#### TASK OBJECTIVE
Only the lines below between the ones containing "move=> AE; have lt : index A E < size p." and "by move=> A", inclusive, are to be reproduced, each exactly as it stands.

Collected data
+++
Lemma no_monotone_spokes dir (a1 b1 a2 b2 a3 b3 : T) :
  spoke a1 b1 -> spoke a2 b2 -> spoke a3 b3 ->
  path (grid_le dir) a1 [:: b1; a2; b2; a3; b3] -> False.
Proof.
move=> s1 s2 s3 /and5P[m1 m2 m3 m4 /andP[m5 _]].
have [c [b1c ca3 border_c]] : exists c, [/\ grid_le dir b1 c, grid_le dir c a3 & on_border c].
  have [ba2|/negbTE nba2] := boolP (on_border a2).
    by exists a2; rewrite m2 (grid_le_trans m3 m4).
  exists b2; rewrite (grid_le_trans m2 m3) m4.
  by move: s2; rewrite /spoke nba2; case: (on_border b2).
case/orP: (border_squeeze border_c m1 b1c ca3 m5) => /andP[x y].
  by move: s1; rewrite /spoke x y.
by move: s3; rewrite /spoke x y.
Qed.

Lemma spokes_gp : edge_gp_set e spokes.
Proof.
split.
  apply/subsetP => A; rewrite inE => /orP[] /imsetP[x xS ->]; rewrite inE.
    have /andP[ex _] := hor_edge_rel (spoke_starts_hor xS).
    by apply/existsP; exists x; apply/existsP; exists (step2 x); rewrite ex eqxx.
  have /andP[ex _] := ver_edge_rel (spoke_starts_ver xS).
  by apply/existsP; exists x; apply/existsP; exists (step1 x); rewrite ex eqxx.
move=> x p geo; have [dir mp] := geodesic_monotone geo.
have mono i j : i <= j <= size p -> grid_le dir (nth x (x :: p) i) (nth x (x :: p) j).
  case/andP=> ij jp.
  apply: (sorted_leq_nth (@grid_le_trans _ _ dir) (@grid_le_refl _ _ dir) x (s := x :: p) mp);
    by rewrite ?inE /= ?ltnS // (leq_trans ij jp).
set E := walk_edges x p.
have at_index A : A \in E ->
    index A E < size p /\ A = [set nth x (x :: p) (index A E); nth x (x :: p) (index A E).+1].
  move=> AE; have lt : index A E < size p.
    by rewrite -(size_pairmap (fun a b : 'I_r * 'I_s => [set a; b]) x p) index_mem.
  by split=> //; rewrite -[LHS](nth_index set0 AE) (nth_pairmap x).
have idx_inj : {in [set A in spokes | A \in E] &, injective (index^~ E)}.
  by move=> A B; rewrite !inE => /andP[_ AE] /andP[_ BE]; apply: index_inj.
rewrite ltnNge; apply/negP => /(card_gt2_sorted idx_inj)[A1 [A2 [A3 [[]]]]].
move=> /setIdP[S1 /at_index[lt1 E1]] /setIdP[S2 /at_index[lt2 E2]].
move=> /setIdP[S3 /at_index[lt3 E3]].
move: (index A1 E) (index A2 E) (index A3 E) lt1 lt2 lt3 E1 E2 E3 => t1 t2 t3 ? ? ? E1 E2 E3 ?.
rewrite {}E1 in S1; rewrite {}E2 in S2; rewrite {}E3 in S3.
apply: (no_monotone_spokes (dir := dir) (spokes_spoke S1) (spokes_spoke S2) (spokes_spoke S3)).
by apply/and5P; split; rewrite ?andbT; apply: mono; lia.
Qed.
+++
#### FINISHED TASK
  move=> AE; have lt : index A E < size p.
    by rewrite -(size_pairmap (fun a b : 'I_r * 'I_s => [set a; b]) x p) index_mem.
  by split=> //; rewrite -[LHS](nth_index set0 AE) (nth_pairmap x).
have idx_inj : {in [set A in spokes | A \in E] &, injective (index^~ E)}.
  by move=> A B; rewrite !inE => /andP[_ AE] /andP[_ BE]; apply: index_inj.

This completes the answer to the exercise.